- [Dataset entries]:

(* A vector $w\in\mathbb{R}^n$, $w\ge0$, is strongly bilevel feasible if and only if both of the following hold: (i) there exists exactly one bilevel feasible decomposition $(w^k)_{k\in\mathcal{K}}$ of $w$; (ii) in this unique decomposition, each $w^k$ is individually strongly bilevel feasible.
   Context: Multi-commodity network pricing setting: $G=(\mathcal{V},\mathcal{A})$ directed graph with arc costs $c\ge0$, nonempty tolled arc set $\mathcal{A}_1\subsetneq\mathcal{A}$, $n=|\mathcal{A}_1|$, $N$ node–arc incidence matrix; finite set $\mathcal{K}$ of commodities, commodity $k$ having origin $o^k$ and destination $d^k$ connected by a path of arcs not in $\mathcal{A}_1$; $b^k_{o^k}=1$, $b^k_{d^k}=-1$, other entries $0$; $\mathcal{X}^k=\{x\in\mathbb{R}^{\mathcal{A}}: Nx=b^k,\ x\ge0\}$; $x_{\mathcal{A}_1}$ is the restriction of $x$ to $\mathcal{A}_1$. For $t\in\mathbb{R}^n$ let $f^k(t)=\min\{c^\top x+t^\top x_{\mathcal{A}_1}: x\in\mathcal{X}^k\}$ if $t\ge0$, $-\infty$ otherwise; $f=\sum_k f^k$; $g^k(w)=\sup_t\{f^k(t)-t^\top w\}$, $g(w)=\sup_t\{f(t)-t^\top w\}$. A vector $w\ge0$ is strongly bilevel feasible if $\{w\}$ is the projection onto $w$-space of a face of $\operatorname{epi}(g)$ whose affine hull's direction space does not contain $(0,1)$ (equivalently $\{(w,g(w))\}$ is a face of $\operatorname{epi}(g)$); $w^k\ge0$ is individually strongly bilevel feasible if the same holds with $g^k$ in place of $g$. A decomposition of $w$ is a tuple $(w^k)_{k\in\mathcal{K}}$ of vectors $w^k\ge0$ with $\sum_k w^k=w$; it is bilevel feasible if $g(w)=\sum_k g^k(w^k)$. *)

From mathcomp Require Import all_boot all_order all_algebra.
From mathcomp Require Import all_classical all_reals ereal.
Set Implicit Arguments. Unset Strict Implicit. Unset Printing Implicit Defensive.
Import Order.TTheory GRing.Theory Num.Theory.
Local Open Scope classical_set_scope.
Local Open Scope ring_scope.

Section NetworkPricing.
Variable R : realType.
Variables (V A : finType) (src dst : A -> V).
Variable c : A -> R.
Variable A1 : {set A}.
Variable K : finType.
Variables (o d : K -> V).

(* vectors of R^n, n = #|A1|, coordinate i <-> tolled arc enum_val i *)
Notation vecn := 'rV[R]_#|A1|.

Definition incidence (v : V) (a : A) : R := (src a == v)%:R - (dst a == v)%:R.

Definition bvec (k : K) (v : V) : R := (v == o k)%:R - (v == d k)%:R.

Definition Xk (k : K) : set (A -> R) :=
  [set x | (forall v, \sum_a incidence v a * x a = bvec k v) /\ (forall a, 0 <= x a)].

Definition costx (x : A -> R) : R := \sum_a c a * x a.
Definition tollx (t : vecn) (x : A -> R) : R :=
  \sum_(i < #|A1|) t ord0 i * x (enum_val i).
Definition dotn (t w : vecn) : R := \sum_(i < #|A1|) t ord0 i * w ord0 i.

Definition nonneg (t : vecn) : bool := [forall i, 0 <= t ord0 i].

Definition fk (k : K) (t : vecn) : \bar R :=
  if nonneg t then ereal_inf [set (costx x + tollx t x)%:E | x in Xk k] else -oo%E.

Definition f (t : vecn) : \bar R := (\sum_k fk k t)%E.

Definition gk (k : K) (w : vecn) : \bar R :=
  ereal_sup [set (fk k t - (dotn t w)%:E)%E | t in [set: vecn]].

Definition g (w : vecn) : \bar R :=
  ereal_sup [set (f t - (dotn t w)%:E)%E | t in [set: vecn]].

Definition pt := (vecn * R)%type.

Definition epi (h : vecn -> \bar R) : set pt := [set p | (h p.1 <= p.2%:E)%E].

Definition comb (l : R) (p q : pt) : pt :=
  (l *: p.1 + (1 - l) *: q.1, l * p.2 + (1 - l) * q.2).

Definition is_face (C F : set pt) : Prop :=
  F `<=` C /\
  (forall p q l, F p -> F q -> 0 <= l <= 1 -> F (comb l p q)) /\
  (forall p q l, C p -> C q -> 0 < l < 1 -> F (comb l p q) -> F p /\ F q).

(* v belongs to the direction space of aff(F), i.e. to span(F - F) *)
Definition in_dir_space (F : set pt) (v : pt) : Prop :=
  exists (m : nat) (p q : 'I_m -> pt) (cf : 'I_m -> R),
    (forall i, F (p i) /\ F (q i)) /\
    v.1 = \sum_i cf i *: ((p i).1 - (q i).1) /\
    v.2 = \sum_i cf i * ((p i).2 - (q i).2).

Definition strongly_bf_wrt (h : vecn -> \bar R) (w : vecn) : Prop :=
  nonneg w /\
  exists F : set pt, is_face (epi h) F /\
    [set p.1 | p in F] = [set w] /\ ~ in_dir_space F (0, 1).

Definition strongly_bilevel_feasible (w : vecn) : Prop := strongly_bf_wrt g w.
Definition indiv_strongly_bilevel_feasible (k : K) (wk : vecn) : Prop :=
  strongly_bf_wrt (gk k) wk.

Definition decomposition (w : vecn) (wk : K -> vecn) : Prop :=
  (forall k, nonneg (wk k)) /\ \sum_k wk k = w.

Definition bilevel_feasible_decomposition (w : vecn) (wk : K -> vecn) : Prop :=
  decomposition w wk /\ g w = (\sum_k gk k (wk k))%E.

Fixpoint walk (u : V) (p : seq A) (v : V) : Prop :=
  match p with
  | [::] => u = v
  | a :: p' => src a = u /\ walk (dst a) p' v
  end.

Definition network_assumptions : Prop :=
  (forall a, 0 <= c a) /\
  A1 != finset.set0 /\ A1 \proper finset.setT /\
  (forall k, o k != d k) /\
  (forall k, exists p : seq A, walk (o k) p (d k) /\ all (fun a => a \notin A1) p).

End NetworkPricing.

(* Strong bilevel feasibility of [w] means that [(w, g w)] is a finite extreme
   point of [epi g]: a face projecting onto [{w}] whose direction space misses
   [(0, 1)] is a single point.  Always [g (sum_k w^k) <= sum_k g^k w^k], and LP
   duality (Farkas' lemma, obtained by Fourier-Motzkin elimination) shows that
   some decomposition attains equality whenever [g w] is finite; so bilevel
   feasible decompositions of [w] are exactly the optimal ones.
   If [(w, g w)] is extreme, moving one component of an optimal decomposition
   inside [epi g^k] moves [(w, g w)] inside [epi g], so every component is
   extreme in [epi g^k]; and the average of two optimal decompositions is
   optimal with midpoint components, which forces the two to agree.
   Conversely, if [(w, g w)] is a proper convex combination of two points of
   [epi g], the same combination of optimal decompositions of these points is
   an optimal decomposition of [w], hence the unique one, and extremality of
   its components forces both points to be [(w, g w)]. *)

From mathcomp Require Import all_boot all_order all_algebra.
From mathcomp Require Import all_classical all_reals ereal.
From mathcomp Require Import ring lra.
Set Implicit Arguments. Unset Strict Implicit. Unset Printing Implicit Defensive.
Import Order.TTheory GRing.Theory Num.Theory.
Local Open Scope classical_set_scope.
Local Open Scope ring_scope.

Lemma sum_pair (M : nmodType) (I J : finType) (F : I * J -> M) :
  \sum_p F p = \sum_i \sum_j F (i, j).
Proof. by rewrite pair_bigA; apply: eq_bigr => -[]. Qed.

Lemma ler_sum_eq (R : realDomainType) (I : finType) (x y : I -> R) :
  (forall i, x i <= y i) -> \sum_i y i <= \sum_i x i -> forall i, x i = y i.
Proof.
move=> le_xy le_sum; have [_] := leif_sum (fun i (_ : true) => leif_eq (le_xy i)).
have -> : (\sum_i x i == \sum_i y i) by rewrite eq_le ler_sum.
by move=> /esym/forall_inP xy i; apply/eqP/xy.
Qed.

Lemma sum_replace (M : zmodType) (I : finType) (F : I -> M) j x :
  \sum_i F i - F j + x = \sum_i (if i == j then x else F i).
Proof.
rewrite [RHS](bigD1 j) //= eqxx (bigD1 j) //= [F j + _]addrC addrK addrC; congr (_ + _).
by apply: eq_bigr => i /negbTE ->.
Qed.

Lemma comb_eq_lb (R : realFieldType) (l x y m : R) :
  0 < l < 1 -> m <= x -> m <= y -> l * x + (1 - l) * y = m -> x = m /\ y = m.
Proof. by move=> /andP[l_gt0 l_lt1] m_le_x m_le_y xy_m; split; nra. Qed.

Lemma exists_between (R : realDomainType) (I : finType) (L U : I -> R) (PL PU : pred I) :
  (forall p q, PL q -> PU p -> L q <= U p) ->
  exists z, (forall q, PL q -> L q <= z) /\ (forall p, PU p -> z <= U p).
Proof.
move=> LleU; case: (pickP PL) => [q0 Pq0|PL0].
  exists (\big[Num.max/L q0]_(q | PL q) L q); split.
    by move=> q Pq; rewrite (bigD1 q) //= le_max lexx.
  move=> p Pp; elim/big_ind: _ => //; first exact: LleU.
    by move=> x y ? ?; rewrite ge_max; apply/andP.
  by move=> q Pq; apply: LleU.
exists (\big[Num.min/0]_(p | PU p) U p); split; first by move=> q; rewrite PL0.
by move=> p Pp; rewrite (bigD1 p) //= ge_min lexx.
Qed.

Lemma exists_scale_gt (R : realFieldType) (lam gam D : R) :
  0 <= lam -> lam * gam < D -> exists s, [/\ 0 < s, s * lam <= 1 & gam < s * D].
Proof.
move=> lam_ge0 lt_D; have [lam_gt0|lam_le0] := ltP 0 lam.
  exists lam^-1; split; rewrite ?invr_gt0 ?mulVf ?gt_eqF //.
  by rewrite mulrC ltr_pdivlMr // mulrC.
have lam0 : lam = 0 by apply/le_anti/andP.
rewrite lam0 mul0r in lt_D; exists ((`|gam| + 1) / D); split.
- by rewrite divr_gt0 // ltr_pwDr.
- by rewrite lam0 mulr0.
- by rewrite divfK ?gt_eqF // (le_lt_trans (ler_norm gam)) ?ltrDl.
Qed.

(** * Farkas' lemma by Fourier-Motzkin elimination *)

Section FourierMotzkinRows.
Variables (R : realFieldType) (I : finType) (al : I -> R).

(* Rows of the system after eliminating a variable with coefficients [al]:
   [inl i] keeps a row with [al i = 0]; [inr (p, q)] with [al p > 0 > al q]
   is the combination [- al q * row p + al p * row q]; every other index is
   a dummy row, made trivially satisfiable through [fm_dummy]. *)
Definition fm_comb (h : I -> R) (r : I + I * I) : R :=
  match r with
  | inl i => if al i == 0 then h i else 0
  | inr (p, q) => if (0 < al p) && (al q < 0) then - al q * h p + al p * h q else 0
  end.

Definition fm_dummy (r : I + I * I) : bool :=
  match r with
  | inl i => al i != 0
  | inr (p, q) => ~~ ((0 < al p) && (al q < 0))
  end.

Definition fm_mult (y : I + I * I -> R) (i : I) : R :=
  (if al i == 0 then y (inl i) else 0)
  + \sum_q (if (0 < al i) && (al q < 0) then y (inr (i, q)) * - al q else 0)
  + \sum_p (if (0 < al p) && (al i < 0) then y (inr (p, i)) * al p else 0).

Lemma fm_multE (y : I + I * I -> R) (h : I -> R) :
  \sum_i fm_mult y i * h i = \sum_r y r * fm_comb h r.
Proof.
rewrite big_sumType /=.
have -> : \sum_(pq : I * I) y (inr pq) * fm_comb h (inr pq) =
    \sum_p \sum_q ((if (0 < al p) && (al q < 0) then y (inr (p, q)) * - al q else 0) * h p
                 + (if (0 < al p) && (al q < 0) then y (inr (p, q)) * al p else 0) * h q).
  rewrite pair_bigA; apply: eq_bigr => -[p q] _ /=.
  by case: ifP => _; rewrite ?mul0r ?mulr0 ?addr0 // mulrDr !mulrA.
under [X in _ = _ + X]eq_bigr => p _ do rewrite big_split /= -mulr_suml.
rewrite big_split /= [X in _ + (_ + X)]exchange_big /=.
rewrite /fm_mult; under eq_bigr do rewrite !mulrDl.
rewrite !big_split /= addrA; congr (_ + _ + _).
  by apply: eq_bigr => i _; case: ifP; rewrite ?mul0r ?mulr0.
by apply: eq_bigr => i _; rewrite mulr_suml.
Qed.

Lemma fm_mult_ge0 (y : I + I * I -> R) i :
  (forall r, 0 <= y r) -> 0 <= fm_mult y i.
Proof.
move=> y_ge0; rewrite /fm_mult; apply: addr_ge0; first apply: addr_ge0.
- by case: ifP.
- by apply: sumr_ge0 => q _; case: ifP => // /andP[_ ?]; apply: mulr_ge0 => //; lra.
- by apply: sumr_ge0 => p _; case: ifP => // /andP[? _]; apply: mulr_ge0 => //; lra.
Qed.

Lemma fm_comb_elim r : fm_comb al r = 0.
Proof.
case: r => [i|[p q]] /=; first by case: ifP => // /eqP.
by case: ifP => // _; rewrite mulrC; lra.
Qed.

End FourierMotzkinRows.

Section FourierMotzkinStep.
Variables (R : realFieldType) (n : nat) (I : finType).
Variables (a : I -> 'I_n.+1 -> R) (b : I -> R).
Let al i := a i ord_max.
Let a_rest i (j : 'I_n) := a i (widen_ord (leqnSn n) j).

Let widen_lift (j : 'I_n) : widen_ord (leqnSn n) j = lift ord_max j.
Proof. by apply: ord_inj; rewrite lift_max. Qed.

Definition fm_lhs (r : I + I * I) (j : 'I_n) := fm_comb al (a_rest ^~ j) r.
Definition fm_rhs (r : I + I * I) := fm_comb al b r + (fm_dummy al r)%:R.

Lemma fm_solution_lift (x : 'I_n -> R) :
  (forall r, \sum_j fm_lhs r j * x j <= fm_rhs r) ->
  exists x' : 'I_n.+1 -> R, forall i, \sum_j a i j * x' j <= b i.
Proof.
move=> x_sol; pose S i := \sum_j a_rest i j * x j.
have lhsE r : \sum_j fm_lhs r j * x j = fm_comb al S r.
  case: r => [i|[p q]]; rewrite /fm_lhs /fm_comb; case: ifP => _ //;
    try by rewrite big1 // => j _; rewrite mul0r.
  by under eq_bigr do rewrite mulrDl -!mulrA; rewrite big_split -!mulr_sumr.
have S_le0 i : al i = 0 -> S i <= b i.
  by move=> al0; have := x_sol (inl i); rewrite lhsE /fm_rhs /= al0 eqxx addr0.
have S_lepair p q : 0 < al p -> al q < 0 ->
    - al q * S p + al p * S q <= - al q * b p + al p * b q.
  move=> alp alq; have := x_sol (inr (p, q)).
  by rewrite lhsE /fm_rhs /= alp alq addr0.
pose bnd i := (b i - S i) / al i.
have [z [z_lb z_ub]] : exists z, (forall q, al q < 0 -> bnd q <= z) /\
                                 (forall p, 0 < al p -> z <= bnd p).
  apply: exists_between => p q alq alp.
  have bpE : b p = bnd p * al p + S p by rewrite /bnd divfK ?subrK ?gt_eqF.
  have bqE : b q = bnd q * al q + S q by rewrite /bnd divfK ?subrK ?lt_eqF.
  have := S_lepair p q alp alq; rewrite bpE bqE => H.
  have alpq : 0 < al p * - al q by rewrite mulr_gt0 ?oppr_gt0.
  rewrite -subr_ge0 -(pmulr_rge0 _ alpq); move: H; rewrite -subr_ge0.
  by congr (0 <= _); ring.
exists (fun j => if unlift ord_max j is Some j' then x j' else z) => i.
rewrite big_ord_recr /= unlift_none.
under eq_bigr do rewrite widen_lift liftK -widen_lift.
rewrite -/(S i) -/(al i); case: (ltgtP (al i) 0) => ali.
- by have := z_lb i ali; rewrite ler_ndivrMr // mulrC -lerBrDl.
- by have := z_ub i ali; rewrite ler_pdivlMr // mulrC -lerBrDl.
- by rewrite ali mul0r addr0 S_le0.
Qed.

Lemma fm_certificate_lift (y : I + I * I -> R) :
  (forall r, 0 <= y r) -> (forall j, \sum_r y r * fm_lhs r j = 0) ->
  \sum_r y r * fm_rhs r < 0 ->
  exists y' : I -> R, [/\ forall i, 0 <= y' i, forall j, \sum_i y' i * a i j = 0
                      & \sum_i y' i * b i < 0].
Proof.
move=> y_ge0 y_lhs y_rhs; exists (fm_mult al y); split.
- by move=> i; apply: fm_mult_ge0.
- move=> j; rewrite fm_multE; case: (unliftP ord_max j) => [j'|] ->.
    rewrite -[RHS](y_lhs j'); apply: eq_bigr => r _; congr (_ * fm_comb _ _ _).
    by apply: funext => i; rewrite /a_rest widen_lift.
  by rewrite big1 // => r _; rewrite fm_comb_elim mulr0.
- rewrite fm_multE; apply: le_lt_trans y_rhs; apply: ler_sum => r _.
  by apply: ler_wpM2l => //; rewrite /fm_rhs lerDl.
Qed.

- [PROMPT]:
Each line of the entries that contains the word "mulrDl" should be listed.

- [RESPONSE FOR THIS EXERCISE]:
rewrite /fm_mult; under eq_bigr do rewrite !mulrDl.
  by under eq_bigr do rewrite mulrDl -!mulrA; rewrite big_split -!mulr_sumr.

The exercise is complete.